Speaker Verification with Speech-Aware LLMs: Evaluation and Augmentation
This work addresses the problem of enabling speaker verification in speech-aware LLMs for applications requiring both natural language and speaker identity processing, representing an incremental improvement by augmenting existing models.
The paper tackled the problem of whether speech-aware large language models (LLMs) encode speaker identity by proposing a model-agnostic scoring protocol for evaluation and a lightweight augmentation method. The result showed that baseline LLMs had weak speaker discrimination (EERs above 20% on VoxCeleb1), while the augmented ECAPA-LLM achieved 1.03% EER on VoxCeleb1-E, approaching dedicated system performance.

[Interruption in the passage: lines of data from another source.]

(* Let $G$ be a graph all of whose $\operatorname{IR}(G)$-sets are independent. If the $\operatorname{IR}$-graph $H=G(\operatorname{IR})$ is connected and has at least three vertices, then $H$ contains a triangle or an induced $C_4$.
   Context: All graphs are finite and simple. For $G=(V,E)$, $D\subseteq V$, $v\in D$: $\operatorname{PN}(v,D)=N[v]-N[D-\{v\}]$ (closed neighbourhoods). $D$ is irredundant if $\operatorname{PN}(v,D)\neq\varnothing$ for all $v\in D$; $\operatorname{IR}(G)$ is the maximum size of an irredundant set; an $\operatorname{IR}(G)$-set is an irredundant set of that size. $G(\operatorname{IR})$ has the $\operatorname{IR}(G)$-sets as vertices, with $D\sim D'$ iff there exist $u\in D$, $v\in D'$ with $uv\in E(G)$ and $D'=(D-\{u\})\cup\{v\}$. *)

(* A finite simple graph is a symmetric irreflexive relation
   e on a finite type T. *)
From mathcomp Require Import all_boot.
Set Implicit Arguments. Unset Strict Implicit. Unset Printing Implicit Defensive.

Section IRGraph.
Variables (T : finType) (e : rel T).

Definition cnbhd (v : T) : {set T} := v |: [set w | e v w].
Definition cnbhdS (S : {set T}) : {set T} := \bigcup_(v in S) cnbhd v.
Definition pn (v : T) (D : {set T}) : {set T} := cnbhd v :\: cnbhdS (D :\ v).

Definition irredundant (D : {set T}) : bool := [forall v in D, pn v D != set0].

(* IR(G): maximum size of an irredundant set (set0 is irredundant) *)
Definition IRnum : nat := \max_(D : {set T} | irredundant D) #|D|.

Definition IRset (D : {set T}) : bool := irredundant D && (#|D| == IRnum).

Definition independent (D : {set T}) : bool :=
  [forall u in D, forall v in D, ~~ e u v].

Definition IRadj (D D' : {set T}) : bool :=
  [&& IRset D, IRset D' &
   [exists u in D, exists v in D', e u v && (D' == (D :\ u) :|: [set v])]].

Definition IRgraph_connected : Prop :=
  forall D D', IRset D -> IRset D' -> connect IRadj D D'.

Definition IRgraph_order : nat := #|[set D : {set T} | IRset D]|.

Definition IRgraph_has_triangle : Prop :=
  exists D1 D2 D3 : {set T},
    [/\ D1 != D2, D2 != D3, D1 != D3 &
        [/\ IRadj D1 D2, IRadj D2 D3 & IRadj D1 D3]].

Definition IRgraph_has_induced_C4 : Prop :=
  exists D1 D2 D3 D4 : {set T},
    [/\ uniq [:: D1; D2; D3; D4],
        [/\ IRadj D1 D2, IRadj D2 D3, IRadj D3 D4 & IRadj D4 D1] &
        ~~ IRadj D1 D3 /\ ~~ IRadj D2 D4].

End IRGraph.

(* Because IR-sets are independent and of maximum size, two IR-sets that differ
   by a single exchange u -> x are always adjacent: if u and x were not adjacent,
   x |: D would be a larger independent, hence irredundant, set.
   Connectedness and three vertices give a path D1 ~ D2 ~ D3 with D1 != D3.
   If the second exchange removes the vertex v brought in by the first, then D3
   is a single exchange away from D1 and D1 D2 D3 is a triangle.  Otherwise
   D2 = D1 - u + v and D3 = D2 - w + x with u, w in D1, and D4 = D1 - w + x is
   again an IR-set (v, w and the vertices themselves serve as private
   neighbours), so D1 D2 D3 D4 is a 4-cycle; it is induced because D1, D3 and
   D2, D4 differ in two vertices. *)

From mathcomp Require Import all_boot.
Set Implicit Arguments. Unset Strict Implicit. Unset Printing Implicit Defensive.

Section Exchange.
Variable T : finType.
Implicit Types (D : {set T}) (a b c d : T).

Lemma card_swap D a b : a \in D -> #|D :\ a :|: [set b]| + (b \in D :\ a) = #|D|.
Proof.
move=> aD; rewrite setUC cardsU1 (cardsD1 a D) aD.
by case: (b \in D :\ a); rewrite ?addn0 addnC.
Qed.

Lemma swapK D a b : a \in D -> b \notin D -> (D :\ a :|: [set b]) :\ b :|: [set a] = D.
Proof.
move=> aD bD; apply/setP => z; rewrite !inE.
have [-> | za] := eqVneq z a; first by rewrite aD orbT.
by have [-> | zb] := eqVneq z b; rewrite ?(negbTE bD) ?orbF.
Qed.

Lemma swap_trans D a b c :
  b \notin D -> (D :\ a :|: [set b]) :\ b :|: [set c] = D :\ a :|: [set c].
Proof.
move=> bD; apply/setP => z; rewrite !inE.
by have [-> | zb] := eqVneq z b; rewrite ?(negbTE bD) ?andbF ?orbF.
Qed.

Lemma swapC D a b c d : a != d -> b != c -> b != d ->
  (D :\ a :|: [set b]) :\ c :|: [set d] = (D :\ c :|: [set d]) :\ a :|: [set b].
Proof.
move=> ad bc bd; apply/setP => z; rewrite !inE.
have [-> | zb] := eqVneq z b; first by rewrite bc !orbT.
have [-> | zd] := eqVneq z d; first by rewrite (eq_sym d a) ad !orbT.
by rewrite !orbF andbCA.
Qed.

End Exchange.

Lemma connect_path3 (S : finType) (r : rel S) X Y :
  connect r X Y -> X != Y -> ~~ r X Y -> exists Z W, [/\ r X Z, r Z W & X != W].
Proof.
case/connectP => p /shortenP[[|Z [|W q]] /= pathq uniqq _ ->]; first by rewrite eqxx.
  by rewrite andbT in pathq; rewrite pathq.
case/and3P: pathq => rXZ rZW _; case/andP: uniqq => XZWq _ _ _.
by exists Z, W; split=> //; apply: contraNneq XZWq => <-; rewrite !inE eqxx orbT.
Qed.

Section IRgraph.
Variables (T : finType) (e : rel T).
Implicit Types (D : {set T}) (a b u v w x y z : T).

Lemma independentP D : reflect {in D &, forall a b, ~~ e a b} (independent e D).
Proof.
apply: (iffP forall_inP) => [indD a b aD bD | indD a aD].
- by have /forall_inP := indD a aD; apply.
- by apply/forall_inP => b; apply: indD.
Qed.

Lemma independent_notin_cnbhd D a y :
  independent e D -> a \in D -> y \in D -> a != y -> a \notin cnbhd e y.
Proof. by move=> /independentP indD aD yD ay; rewrite !inE negb_or ay indD. Qed.

Lemma pn_neq0 D z a :
  a \in cnbhd e z -> {in D :\ z, forall y, a \notin cnbhd e y} -> pn e z D != set0.
Proof.
move=> az aD; apply/set0Pn; exists a; rewrite inE az andbT.
by apply/bigcupP => -[y /aD/negP].
Qed.

Lemma irredundant_leq_IRnum D : irredundant e D -> #|D| <= IRnum e.
Proof. exact: leq_bigmax_cond. Qed.

Lemma IRset_card D : IRset e D -> #|D| = IRnum e.
Proof. by case/andP=> _ /eqP. Qed.

Lemma IRadj_setD_uniq D D' : IRadj e D D' -> {in D :\: D' &, forall a b, a = b}.
Proof.
case/and3P=> _ _ /exists_inP[u _ /exists_inP[v _ /andP[_ /eqP->]]].
suff outE a : a \in D :\: (D :\ u :|: [set v]) -> a = u by move=> a b /outE-> /outE->.
by rewrite !inE negb_or => /andP[/andP[+ _] aD]; rewrite aD andbT negbK => /eqP.
Qed.

Lemma independent_irredundant D : independent e D -> irredundant e D.
Proof.
move=> indD; apply/forall_inP => z zD; apply: (pn_neq0 (a := z)).
  by rewrite !inE eqxx.
by move=> y /setD1P[yz yD]; apply: (independent_notin_cnbhd indD); rewrite // eq_sym.
Qed.

Lemma IRadj_swap D u v :
  IRset e D -> IRset e (D :\ u :|: [set v]) -> u \in D -> e u v ->
  IRadj e D (D :\ u :|: [set v]).
Proof.
move=> ID ID' uD euv; rewrite /IRadj ID ID'; apply/exists_inP; exists u => //.
by apply/exists_inP; exists v; rewrite ?euv ?eqxx // !inE eqxx orbT.
Qed.

Hypothesis e_irr : irreflexive e.

Lemma IRadjP D D' : IRadj e D D' ->
  [/\ IRset e D, IRset e D' & exists u v,
     [/\ u \in D, v \notin D, e u v & D' = D :\ u :|: [set v]]].
Proof.
case/and3P=> ID ID' /exists_inP[u uD /exists_inP[v _ /andP[euv /eqP D'E]]].
split=> //; exists u, v; split=> //.
have := card_swap v uD; rewrite -D'E !IRset_card // -[RHS]addn0 => /addnI.
have [vu | vu] := eqVneq v u; first by rewrite vu e_irr in euv.
by rewrite !inE vu; case: (v \in D).
Qed.

Lemma IRadj_neq D D' : IRadj e D D' -> D != D'.
Proof.
case/IRadjP=> _ _ [u [v [uD _ euv ->]]]; apply/eqP => /setP/(_ u).
by rewrite !inE eqxx uD; case: eqVneq euv => // ->; rewrite e_irr.
Qed.

Hypothesis e_sym : symmetric e.

Lemma IRadj_sym D D' : IRadj e D D' -> IRadj e D' D.
Proof.
case/IRadjP=> ID ID' [u [v [uD vD euv D'E]]].
rewrite -(swapK uD vD) -D'E in ID *; apply: IRadj_swap => //; last by rewrite e_sym.
by rewrite D'E !inE eqxx orbT.
Qed.

Hypothesis IRset_independent : forall D, IRset e D -> independent e D.

Lemma IRset_exchange_edge D u x :
  IRset e D -> independent e (D :\ u :|: [set x]) -> x \notin D -> e u x.
Proof.
move=> ID /independentP indD' xD; apply/negPn/negP => nux.
have nxD b : b \in D -> ~~ e x b.
  move=> bD; have [-> | bu] := eqVneq b u; first by rewrite e_sym.
  by apply: indD'; rewrite !inE ?eqxx ?bu ?bD ?orbT.
have indxD : independent e (x |: D).
  apply/independentP => a b /setU1P[-> | aD] /setU1P[-> | bD].
  - by rewrite e_irr.
  - exact: nxD.
  - by rewrite e_sym nxD.
  - by have /independentP := IRset_independent ID; apply.
have := irredundant_leq_IRnum (independent_irredundant indxD).
by rewrite cardsU1 xD IRset_card // ltnn.
Qed.

Lemma IRset_swap_IRadj D u x :
  IRset e D -> IRset e (D :\ u :|: [set x]) -> u \in D -> x \notin D ->
  IRadj e D (D :\ u :|: [set x]).
Proof.
move=> ID ID' uD xD; apply: IRadj_swap => //.
exact: IRset_exchange_edge (IRset_independent ID') xD.
Qed.

Lemma IRset_square_corner D u v w x :
  IRset e D -> IRset e (D :\ u :|: [set v]) ->
  IRset e ((D :\ u :|: [set v]) :\ w :|: [set x]) ->
  u \in D -> w \in D -> v \notin D -> x \notin D -> v != x ->
  e u v -> e w x -> IRset e (D :\ w :|: [set x]).
Proof.
move=> ID1 ID2 ID3 uD wD vD xD vx euv ewx.
have ind1 := IRset_independent ID1; have ind2 := IRset_independent ID2.
have ind3 := IRset_independent ID3.
have vw : v != w by apply: contraNneq vD => ->.
apply/andP; split; last first.
  by rewrite -(IRset_card ID1) -(card_swap x wD) in_setD1 (negbTE xD) andbF addn0.
apply/forall_inP => z /setUP[/setD1P[zw zD] | /set1P->].
- have [-> | zu] := eqVneq z u.
  + apply: (pn_neq0 (a := v)); first by rewrite !inE euv orbT.
    move=> y /setD1P[yu /setUP[/setD1P[yw yD] | /set1P->]].
    * apply: (independent_notin_cnbhd ind2); rewrite ?inE ?eqxx ?orbT ?yu ?yD //.
      by apply: contraNneq vD => ->.
    * by apply: (independent_notin_cnbhd ind3); rewrite ?inE ?eqxx ?orbT ?vw ?vx.
  + apply: (pn_neq0 (a := z)); first by rewrite !inE eqxx.
    move=> y /setD1P[yz /setUP[/setD1P[yw yD] | /set1P->]].
    * by apply: (independent_notin_cnbhd ind1); rewrite // eq_sym.
    * apply: (independent_notin_cnbhd ind3); rewrite ?inE ?eqxx ?orbT ?zw ?zu ?zD //.
      by apply: contraNneq xD => <-.
- apply: (pn_neq0 (a := w)); first by rewrite !inE e_sym ewx orbT.
  move=> y /setD1P[yx /setUP[/setD1P[yw yD] | /set1P yx']].
  + by apply: (independent_notin_cnbhd ind1); rewrite // eq_sym.
  + by rewrite yx' eqxx in yx.
Qed.

Lemma IRset_square_C4 D u v w x :
  IRset e D -> IRset e (D :\ u :|: [set v]) ->
  IRset e ((D :\ u :|: [set v]) :\ w :|: [set x]) ->
  u \in D -> w \in D -> w != u -> v \notin D -> x \notin D -> v != x ->
  e u v -> e w x -> IRgraph_has_induced_C4 e.
Proof.
move=> ID1 ID2 ID3 uD wD wu vD xD vx euv ewx.
have ID4 := IRset_square_corner ID1 ID2 ID3 uD wD vD xD vx euv ewx.
set D2 := D :\ u :|: [set v] in ID2 ID3 *.
set D3 := D2 :\ w :|: [set x] in ID3 *.
set D4 := D :\ w :|: [set x] in ID4 *.
have uv : u != v by apply: contraTneq euv => ->; rewrite e_irr.
have wx : w != x by apply: contraTneq ewx => ->; rewrite e_irr.
have wv : w != v by apply: contraTneq wD => ->.
have ux : u != x by apply: contraNneq xD => <-.
have D3E : D3 = D4 :\ u :|: [set v] by rewrite /D3 /D2 /D4 swapC // eq_sym.
have vD2 : v \in D2 by rewrite !inE eqxx orbT.
have wD2 : w \in D2 by rewrite !inE wu wD.
have uD4 : u \in D4 by rewrite !inE (eq_sym u w) wu uD.
have vD4 : v \notin D4 by rewrite !inE (negbTE vD) andbF (negbTE vx).
have wD4 : w \notin D4 by rewrite !inE eqxx (negbTE wx).
have uD3 : u \notin D3 by rewrite D3E !inE eqxx (negbTE uv).
have wD3 : w \notin D3 by rewrite D3E in_setU in_setD1 (negbTE wD4) andbF in_set1.
have A12 : IRadj e D D2 := IRadj_swap ID1 ID2 uD euv.
have A23 : IRadj e D2 D3 := IRadj_swap ID2 ID3 wD2 ewx.
have A14 : IRadj e D D4 := IRset_swap_IRadj ID1 ID4 wD xD.
have A43 : IRadj e D4 D3.
  by rewrite D3E; apply: IRset_swap_IRadj; rewrite -?D3E.
exists D, D2, D3, D4; split.
- have n13 : D != D3 by apply: contraNneq uD3 => <-.
  have n24 : D2 != D4 by apply: contraNneq vD4 => <-.
  rewrite /= !inE !negb_or n13 n24 (IRadj_neq A12) (IRadj_neq A14) (IRadj_neq A23).
  by rewrite eq_sym (IRadj_neq A43).
- by split=> //; apply: IRadj_sym.
- split; apply/negP => /IRadj_setD_uniq eq_out.
  + by move/eqP: wu; apply; apply: eq_out; rewrite inE ?wD ?uD ?wD3 ?uD3.
  + by move/eqP: wv; apply; apply: eq_out; rewrite inE ?wD2 ?vD2 ?wD4 ?vD4.
Qed.

Lemma IRadj2_triangle_or_C4 D1 D2 D3 :
  IRadj e D1 D2 -> IRadj e D2 D3 -> D1 != D3 ->
  IRgraph_has_triangle e \/ IRgraph_has_induced_C4 e.
Proof.
move=> A12 A23 n13.
case/IRadjP: (A12) => I1 I2 [u [v [uD1 vD1 euv D2E]]].
case/IRadjP: (A23) => _ I3 [w [x [wD2 xD2 ewx D3E]]].
have vx : v != x by apply: contraNneq xD2 => <-; rewrite D2E !inE eqxx orbT.
have xD1 (xu : x != u) : x \notin D1.
  by apply: contra xD2 => xD1; rewrite D2E !inE xu xD1.
have [wv | wv] := eqVneq w v.
- have xu : x != u.
    by apply: contraNneq n13 => xu; rewrite D3E D2E wv xu swapK.
  have D3E' : D3 = D1 :\ u :|: [set x] by rewrite D3E D2E wv swap_trans.
  left; exists D1, D2, D3; split; [exact: IRadj_neq A12 | exact: IRadj_neq A23 | by [] |].
  split=> //; rewrite D3E' in I3 *.
  exact: IRset_swap_IRadj I1 I3 uD1 (xD1 xu).
- move: (wD2); rewrite D2E !inE (negbTE wv) orbF => /andP[wu wD1].
  have xu : x != u.
    have /independentP ind3 := IRset_independent I3.
    apply: contraTneq euv => xu; rewrite -xu.
    by apply: ind3; rewrite D3E D2E !inE ?eqxx ?orbT ?(eq_sym v w) ?wv.
  rewrite D3E D2E in I3; rewrite D2E in I2; right.
  exact: IRset_square_C4 I1 I2 I3 uD1 wD1 wu vD1 (xD1 xu) vx euv ewx.
Qed.

End IRgraph.

Theorem lemma4p5 (T : finType) (e : rel T)
  (e_sym : symmetric e) (e_irr : irreflexive e)
  (Hind : forall D : {set T}, IRset e D -> independent e D)
  (Hconn : IRgraph_connected e)
  (H3 : 3 <= IRgraph_order e) :
  IRgraph_has_triangle e \/ IRgraph_has_induced_C4 e.
Proof.
have nonadjacent X Y : IRset e X -> IRset e Y -> X != Y -> ~~ IRadj e X Y ->
    IRgraph_has_triangle e \/ IRgraph_has_induced_C4 e.
  move=> IX IY nXY aXY.
  have [Z [W [aXZ aZW nXW]]] := connect_path3 (Hconn X Y IX IY) nXY aXY.
  exact: (IRadj2_triangle_or_C4 e_irr e_sym Hind aXZ aZW nXW).
case/card_gt2P: H3 => [A [B [C [[IA IB IC] [nAB nBC nCA]]]]].
rewrite !inE in IA IB IC.
have [aAB | ] := boolP (IRadj e A B); last exact: nonadjacent.
have [aBC | ] := boolP (IRadj e B C); last exact: nonadjacent.
have [aAC | ] := boolP (IRadj e A C); last by apply: nonadjacent; rewrite // eq_sym.
by left; exists A, B, C; split; rewrite // eq_sym.
Qed.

Speech-aware large language models (LLMs) can accept speech inputs, yet their training objectives largely emphasize linguistic content or specific fields such as emotions or the speaker's gender, leaving it unclear whether they encode speaker identity. First, we propose a model-agnostic scoring protocol that produces continuous verification scores for both API-only and open-weight models, using confidence scores or log-likelihood ratios from the Yes/No token probabilities. Using this protocol, we benchmark recent speech-aware LLMs and observe weak speaker discrimination (EERs above 20% on VoxCeleb1). Second, we introduce a lightweight augmentation that equips an LLM with ASV capability by injecting frozen ECAPA-TDNN speaker embeddings through a learned projection and training only LoRA adapters. On TinyLLaMA-1.1B, the resulting ECAPA-LLM achieves 1.03% EER on VoxCeleb1-E, approaching a dedicated speaker verification system while preserving a natural-language interface.